By Larry and Adam Mogelonsky | November 1, 2023
Artificial intelligence will be a topic for hotels for decades to come, but right here in Q4 2023, it’s all about deploying incremental solutions to drive more and more efficiencies and profitability. Foremost among all the other AI tools that hotels can deploy is the guest-facing chatbot, which has the potential to help drive a channel shift away from more expensive third parties. And yet, it’s rare to see a lot of financial scenarios published on the matter that explicitly show the contribution of these technologies onto the bottom line.
In collaboration with Tata Crocombe, we investigated the chatbot deployment at his private island resort and two beach resorts in the Cook Islands in the South Pacific, respectively the Aitutaki Lagoon Private Island Resort, The Rarotongan Beach Resort & Lagoonarium, and Sanctuary Rarotonga.
In the pursuit of greater and greater GOPPAR and, ultimately, net operating incomes (NOI), there is no clearer place to look for a quick win in 2024 than in growing net revenues by reducing customer acquisition costs (CAC). This objective is achieved by increasing the percentage of direct business significantly by winning guests to book online direct with the hotel rather than a third-party distribution partner, and in the process reducing commissions to the OTAs that can be as high as 28% down (comprised of a 15% standard commission, a 3% preferred commission and a 10% members commission) to the direct CAC which can come in as low as 2%.

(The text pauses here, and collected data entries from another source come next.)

(* Let $\hat Q_i:\mathcal X\times\mathcal A\to[0,1]$ and let $\pi_i^{(t)}$, $\bar Q_i^{(t)}$, $\bar\pi$ be produced by the GAMD inner loop (as in the context) for $T$ iterations. Then for every player $i$ and context $x$, $$\hat V_i^{\dagger,\bar\pi_{-i}}(x)-\hat V_i^{\bar\pi}(x)\le\max_{\pi_i\in\Delta(\mathcal A_i)}\frac1T\sum_{t=1}^Tf_{i,x}^{(t)}(\pi_i)-\frac1T\sum_{t=1}^Tf_{i,x}^{(t)}(\pi_i^{(t)}(\cdot|x))\le\mathcal O\!\left(\frac{\eta(1+\log T)}{T}\right),$$ where $f_{i,x}^{(t)}(\pi_i)=\sum_{a_i}\pi_i(a_i)\bar Q_i^{(t)}(x,a_i)-\eta^{-1}\mathrm{KL}(\pi_i\|\pi_i^{\mathrm{ref}}(\cdot|x))$.
   Context: $m$-player game with contexts $x$, finite action sets $\mathcal A_i$, $\mathcal A=\prod_i\mathcal A_i$, full-support reference policies $\pi_i^{\mathrm{ref}}$, $\eta>0$. GAMD inner loop: $\pi_i^{(1)}=\pi_i^{\mathrm{ref}}$; $\bar Q_i^{(t)}(x,a_i)=\mathbb E_{\boldsymbol a_{-i}\sim\prod_{j\ne i}\pi_j^{(t)}(\cdot|x)}[\hat Q_i(x,a_i,\boldsymbol a_{-i})]$; $\pi_i^{(t+1)}(a_i|x)\propto(\pi_i^{\mathrm{ref}}(a_i|x))^{1/t}(\pi_i^{(t)}(a_i|x))^{(t-1)/t}\exp(\frac\eta t\bar Q_i^{(t)}(x,a_i))$; $\bar\pi(\boldsymbol a|x)=\frac1T\sum_{t=1}^T\prod_i\pi_i^{(t)}(a_i|x)$, with marginals $\bar\pi_i,\bar\pi_{-i}$. Empirical values: for a joint policy $\pi$, $\hat V_i^\pi(x)=\mathbb E_{\boldsymbol a\sim\pi(\cdot|x)}[\hat Q_i(x,\boldsymbol a)]-\eta^{-1}\mathrm{KL}(\pi_i(\cdot|x)\|\pi_i^{\mathrm{ref}}(\cdot|x))$; $\hat V_i^{\dagger,\nu_{-i}}(x)=\max_{\pi_i'}\hat V_i^{(\pi_i',\nu_{-i})}(x)$, where $(\pi_i',\nu_{-i})$ is the joint policy $\pi_i'(a_i|x)\nu_{-i}(\boldsymbol a_{-i}|x)$. $\mathcal O$ hides an absolute constant. *)

From HB Require Import structures.
From mathcomp Require Import all_boot all_order all_algebra.
From mathcomp Require Import all_classical all_reals all_analysis.
Unset Printing Implicit Defensive.
Import Order.TTheory GRing.Theory Num.Theory.
Local Open Scope ring_scope.
Local Open Scope classical_set_scope.

Section GAMD.
Variables (R : realType) (m : nat) (A : 'I_m -> finType).

Definition joint := {dffun forall i : 'I_m, A i}.

Definition is_dist {T : finType} (p : T -> R) : Prop :=
  (forall a, 0 <= p a) /\ \sum_a p a = 1.

(* KL(p || q) = sum_a p(a) log(p(a)/q(a))  (0 log 0 = 0 since 0 * _ = 0) *)
Definition KL {T : finType} (p q : T -> R) : R :=
  \sum_a p a * ln (p a / q a).

Definition marg_i (i : 'I_m) (sigma : joint -> R) : A i -> R :=
  fun ai => \sum_(b : joint | b i == ai) sigma b.

(* marginal of the other players -i of sigma, evaluated at the (-i)-part of b *)
Definition marg_mi (i : 'I_m) (sigma : joint -> R) : joint -> R :=
  fun b => \sum_(c : joint | [forall j, (j != i) ==> (c j == b j)]) sigma c.

Definition prod_pol (i : 'I_m) (p : A i -> R) (nu_mi : joint -> R) : joint -> R :=
  fun b => p (b i) * nu_mi b.

Variables (X : Type) (Qhat : forall i : 'I_m, X -> joint -> R)
          (pref : forall i : 'I_m, X -> A i -> R) (eta : R).

Definition Vhat (i : 'I_m) (x : X) (sigma : joint -> R) : R :=
  \sum_b sigma b * Qhat i x b - eta^-1 * KL (marg_i i sigma) (pref i x).

Definition Vdagger (i : 'I_m) (x : X) (nu_mi : joint -> R) : R :=
  sup [set v | exists p : A i -> R, is_dist p /\ v = Vhat i x (prod_pol i p nu_mi)].

Definition Qbar_of (pols : forall j : 'I_m, X -> A j -> R)
    (i : 'I_m) (x : X) (ai : A i) : R :=
  \sum_(b : joint | b i == ai)
     (\prod_(j | j != i) pols j x (b j)) * Qhat i x b.

Definition gamd_step (t : nat) (pols : forall j : 'I_m, X -> A j -> R) :
    forall j : 'I_m, X -> A j -> R :=
  fun j x aj =>
    let w := fun a : A j =>
      pref j x a `^ (t%:R^-1) * pols j x a `^ ((t%:R - 1) / t%:R)
        * expR (eta / t%:R * Qbar_of pols j x a) in
    w aj / \sum_a w a.

(* pol n = pi^{(n+1)};  pol 0 = pi^{(1)} = pi^ref *)
Fixpoint pol (n : nat) : forall j : 'I_m, X -> A j -> R :=
  match n with
  | 0 => pref
  | n'.+1 => gamd_step n'.+1 (pol n')
  end.

Definition Qbar (n : nat) (i : 'I_m) (x : X) : A i -> R := Qbar_of (pol n) i x.

Definition pibar (T : nat) (x : X) : joint -> R :=
  fun b => T%:R^-1 * \sum_(n < T) \prod_i pol n i x (b i).

Definition f_ix (n : nat) (i : 'I_m) (x : X) (p : A i -> R) : R :=
  \sum_a p a * Qbar n i x a - eta^-1 * KL p (pref i x).

Definition regret (T : nat) (i : 'I_m) (x : X) : R :=
  sup [set v | exists p : A i -> R, is_dist p /\
         v = T%:R^-1 * \sum_(n < T) f_ix n i x p]
  - T%:R^-1 * \sum_(n < T) f_ix n i x (pol n i x).

End GAMD.

(* GAMD is follow-the-regularized-leader in disguise: by induction,
   pi^(t+1) is proportional to pi^ref * expR (eta / t * sum_(k <= t) Qbar^(k)),
   a Gibbs distribution.  The Gibbs variational principle then gives
   sum_t f^(t)(p) = T / eta * (ln Z_T - KL(p || pi^(T+1))), so no fixed comparator
   earns more than T / eta * ln Z_T, while telescoping the same identity along the
   iterates shows the learner falls short of it by sum_t t / eta * KL(pi^(t) || pi^(t+1)).
   Consecutive logits differ by at most eta / t, so each of these KL terms is
   O(eta^2 / t^2) and the regret is O(eta (1 + log T) / T).  For the first
   inequality, a deviation of player i against the averaged opponents has value
   exactly the comparator's average of f, while averaging the iterates of player i
   can only lower its KL penalty, by convexity. *)

From HB Require Import structures.
From mathcomp Require Import all_boot all_order all_algebra.
From mathcomp Require Import all_classical all_reals all_analysis.
From mathcomp Require Import ring lra.
Import Order.TTheory GRing.Theory Num.Theory.
Local Open Scope ring_scope.

Lemma bigA_distr_dffun (R : comNzRingType) (I : finType) (T_ : I -> finType)
    (G : forall i, T_ i -> R) :
  \prod_i \sum_(a : T_ i) G i a = \sum_(f : {dffun forall i, T_ i}) \prod_i G i (f i).
Proof.
pose F (_ : I) (u : {i : I & T_ i}) := G (tag u) (tagged u).
have sum_tagged i : \sum_(a : T_ i) G i a = \sum_(u | tagged_with T_ i u) F i u.
  rewrite [RHS](eq_bigl (fun u => u \in tagged_with T_ i)) // [RHS]big_sub /=.
  rewrite [RHS](reindex (tag_with i)); last exact/onW_bij/tag_with_bij.
  by apply: eq_big.
under eq_bigr => i _ do rewrite sum_tagged.
rewrite (bigA_distr_big_dep (fun i => tagged_with T_ i) F) [LHS]big_sub /=.
rewrite [LHS](reindex (fun g => to_family_tagged_with (fprod_of_dffun g))); last first.
  exact/onW_bij/(bij_comp (to_family_tagged_with_bij _))/fprod_of_dffun_bij.
by apply: eq_big => // g _; apply: eq_bigr => i _; rewrite /F /= ffunE.
Qed.

Lemma Tagged_eqE (I : eqType) (T_ : I -> eqType) (i : I) (u v : T_ i) :
  (Tagged T_ u == Tagged T_ v) = (u == v).
Proof. exact: eq_Tagged. Qed.

Section ProductMarginals.
Context {R : comNzRingType} {I : finType} {T_ : I -> finType} (i : I).
Variable p : forall j, T_ j -> R.
Local Notation dffun := {dffun forall j, T_ j}.

(* Both identities come from [bigA_distr_dffun] applied to [p] with some
   factors replaced by Kronecker deltas. *)
Lemma sum_dffun_fix1 (a : T_ i) :
  \sum_(b : dffun | b i == a) \prod_(j | j != i) p j (b j)
  = \prod_(j | j != i) \sum_c p j c.
Proof.
pose G j (c : T_ j) := if j == i then (Tagged T_ c == Tagged T_ a)%:R else p j c.
transitivity (\sum_(b : dffun) \prod_j G j (b j)).
  rewrite big_mkcond /=; apply: eq_bigr => b _.
  rewrite [RHS](bigD1 i) //= /G eqxx Tagged_eqE.
  rewrite [in RHS](eq_bigr (fun j => p j (b j))); last by move=> j /negbTE ->.
  by case: (b i == a); rewrite ?mul1r ?mul0r.
rewrite -bigA_distr_dffun (bigD1 i) //= /G eqxx.
rewrite (eq_bigr (fun j => \sum_c p j c)); last by move=> j /negbTE ->.
rewrite (bigD1 a) //= Tagged_eqE eqxx big1 ?addr0 ?mul1r // => c.
by rewrite Tagged_eqE => /negbTE ->.
Qed.

Lemma sum_dffun_agree_off (b : dffun) :
  \sum_(c : dffun | [forall j, (j != i) ==> (c j == b j)]) \prod_j p j (c j)
  = (\sum_c p i c) * \prod_(j | j != i) p j (b j).
Proof.
pose G j (c : T_ j) :=
  if j == i then p j c else (Tagged T_ c == Tagged T_ (b j))%:R * p j c.
transitivity (\sum_(c : dffun) \prod_j G j (c j)).
  rewrite big_mkcond /=; apply: eq_bigr => c _.
  rewrite [RHS](bigD1 i) //= /G eqxx.
  case: ifP => [/forallP cb|/negbT].
    rewrite (bigD1 i) //=; congr (_ * _); apply: eq_bigr => j ji.
    by rewrite (negbTE ji) Tagged_eqE (implyP (cb j) ji) mul1r.
  rewrite negb_forall => /existsP [j]; rewrite negb_imply => /andP [ji cbj].
  by rewrite (bigD1 j) //= (negbTE ji) Tagged_eqE (negbTE cbj) !mul0r mulr0.
rewrite -bigA_distr_dffun (bigD1 i) //= /G eqxx; congr (_ * _).
apply: eq_bigr => j ji; rewrite (negbTE ji) (bigD1 (b j)) //= Tagged_eqE eqxx mul1r.
by rewrite big1 ?addr0 // => c; rewrite Tagged_eqE => /negbTE ->; rewrite mul0r.
Qed.

End ProductMarginals.

Lemma gt0_powRE (R : realType) (a x : R) : 0 < a -> a `^ x = expR (x * ln a).
Proof. by move=> a_gt0; rewrite /powR gt_eqF. Qed.

Lemma ln_le_subr1 {R : realType} [x : R] : 0 < x -> ln x <= x - 1.
Proof. by move=> x_gt0; have := @le_ln1Dx R (x - 1); rewrite (addrC 1) subrK; apply; lra. Qed.

Lemma harmonic_le_1Dln (R : realType) (T : nat) : (0 < T)%N ->
  \sum_(n < T) (n.+1%:R : R)^-1 <= 1 + ln (T%:R : R).
Proof.
case: T => // T _; elim: T => [|T IH]; first by rewrite big_ord1 invr1 ln1 addr0.
rewrite big_ord_recr /=.
suff step : (T.+2%:R : R)^-1 <= ln (T.+2%:R : R) - ln (T.+1%:R).
  by apply: le_trans (lerD IH step) _; lra.
have T1_gt0 : (0 : R) < T.+1%:R by rewrite ltr0n.
have T2_gt0 : (0 : R) < T.+2%:R by rewrite ltr0n.
have := ln_le_subr1 (divr_gt0 T1_gt0 T2_gt0); rewrite ln_div ?posrE //.
have -> : (T.+1%:R / T.+2%:R : R) - 1 = - T.+2%:R^-1.
  by rewrite -[T.+2%:R]natr1; field; rewrite -natr1 in T2_gt0; rewrite lt0r_neq0.
set c := (T.+2%:R^-1 : R); lra.
Qed.

(* Multiply [1 - y <= expR (- y)] by [expR y] and compare with the polynomial. *)
Lemma expR_le_1Dx_sqr (R : realType) (y : R) :
  - (1 / 2) <= y <= 1 / 2 -> expR y <= 1 + y + 2 * y ^+ 2.
Proof.
move=> /andP [y_ge y_le].
have expNy_ge : 1 - y <= expR (- y) by exact: (expR_ge1Dx (- y)).
have poly_ge : 1 <= (1 + y + 2 * y ^+ 2) * (1 - y).
  have : 0 <= y ^+ 2 * (1 - 2 * y) by apply: mulr_ge0; [exact: sqr_ge0|lra].
  rewrite expr2; nra.
rewrite -(ler_pM2r (_ : 0 < 1 - y)); last lra.
apply: le_trans poly_ge; rewrite -[leRHS](expRxMexpNx_1 y).
by apply: ler_wpM2l; [exact: ltW (expR_gt0 y)|exact: expNy_ge].
Qed.

Section KullbackLeibler.
Context {R : realType} {T : finType}.
Implicit Types (p q r : T -> R) (L g : T -> R).
Local Notation KL := (@KL R T).

Lemma KL_eq [p p' q q' : T -> R] : p =1 p' -> q =1 q' -> KL p q = KL p' q'.
Proof. by move=> pp' qq'; apply: eq_bigr => a _; rewrite pp' qq'. Qed.

Lemma KLxx p : KL p p = 0.
Proof.
rewrite /KL big1 // => a _; have [->|pa0] := eqVneq (p a) 0; first by rewrite mul0r.
by rewrite divff // ln1 mulr0.
Qed.

Lemma KL_chain [p q r : T -> R] : (forall a, 0 <= p a) -> (forall a, 0 < q a) ->
  (forall a, 0 < r a) -> KL p q = KL p r + \sum_a p a * ln (r a / q a).
Proof.
move=> p_ge0 q_gt0 r_gt0; rewrite /KL -big_split; apply: eq_bigr => a _ /=.
have [->|pa0] := eqVneq (p a) 0; first by rewrite !mul0r addr0.
have pa_gt0 : 0 < p a by rewrite lt0r pa0 p_ge0.
rewrite -mulrDr -lnM ?posrE ?divr_gt0 //; congr (_ * ln _).
by field; rewrite !lt0r_neq0.
Qed.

As a preliminary caveat, an AI agent is not a panacea; it must be deployed in tandem with an array of other tactics, some online and others not, that will together make for a better reservation experience. To this end, Crocombe took the following actions before deploying a chatbot solution:
- Development of a landing page called What Room is Best for Me that has helped guests work out for themselves where they want to stay, adding an element of gamification and ‘sense of discovery’ to the customer journey
- Thorough upgrade to each property’s website with lots of new information, imagery and virtual room tours
- Direct booking promotions including 15% off on accommodations then 10% off on restaurant, bar, spa and gift shop purchases
- With the observation that some guests will always want to deal with humans, Crocombe’s team connected a 24/7 live chat and recruited a reservations center in the Philippines so that going forward this blended model would facilitate flexibility for any guest’s preferences
To demonstrate the longtail of what these chatbot tools can do, let’s consider a simple hypothetical situation – all based on Crocombe’s firsthand experiences – for a leisure-dominant, independent resort with 200 keys, average yearly occupancy of 75%, ADR at $250, OTA commissions (including preferred and members additional commissions) at 28% and direct channel CAC at 2%.
Since reopening from the COVID-19, Crocombe has introduced a myriad of strategies and tactics such as website widgets promoting direct bookings, 24/7 live chat, room packages and new loyalty programs that have grown his direct business from 20% (pre-pandemic) to 45%. But he sees chatbots as offering the biggest potential to convert lookers to direct bookers, targeting 65% direct bookings with a full roll out of a ChatGPT-enabled chatbot onto his properties’ websites.
With these numbers, we can then look to see the overall size of the prize in terms of increasing direct bookings from 45% to 65% within a fiscal year.
Applying this 20% delta, we can deduce the net revenues increase as follows:
200 keys for 365 days/year at 75% occupancy = 54,750 room nights sold
55% (100% minus 45%) of 54,750 room nights at $250 ADR = $7,528,125 revenues at start
35% (100% minus 65%) of 54,750 room nights at $250 ADR = $4,790,625 revenues at end
OTA room bookings shifted to direct channel = $2,737,500 gross revenues
CAC difference (28% OTA commission minus 2% direct channel costs) = $711,750 savings
Yes, there are some assumptions baked in here, particularly as this supposes a one-to-one conversion of OTA to direct reservations with no attrition to total occupancy. Regardless, a half-million-plus boost to net revenues is something that should make any hotelier perk up, especially as the vast majority of this savings in net revenues flows straight through to NOI.
For owners, the long-term effect is more safety in terms of asset valuation growth. For the Cook Islands as Crocombe pointed out, the cap rate hovers around 10%, which means a multiple of 10 for this NOI flowthrough savings that can increase the value of the hotel by approximately $7 million as a rough cut.
Next, we must also consider TRevPAR growth whereby it’s reasonably assumed that the guests who book direct versus the OTAs will also have a greater ancillary spend per guest – particularly for resorts – and will be more likely to contribute to the brand via return visits to the same property or others in the portfolio. Less readily quantifiable, but still significant, benefits of encouraging this channel shift include better guest satisfaction that will translate into more word of mouth to help grow occupancies and fewer chargebacks for which evidence points to the majority of these emanating from third-party bookings.
Ultimately, there are lots of other ways that AI can and will help hotels realize more revenues, profits and value. It’s just a matter of starting with one objective and seeing it through to completion then looking for the next application and the next until, before you know it, you have transformed the hotel into an AI-first self-learning and self-optimizing hotel.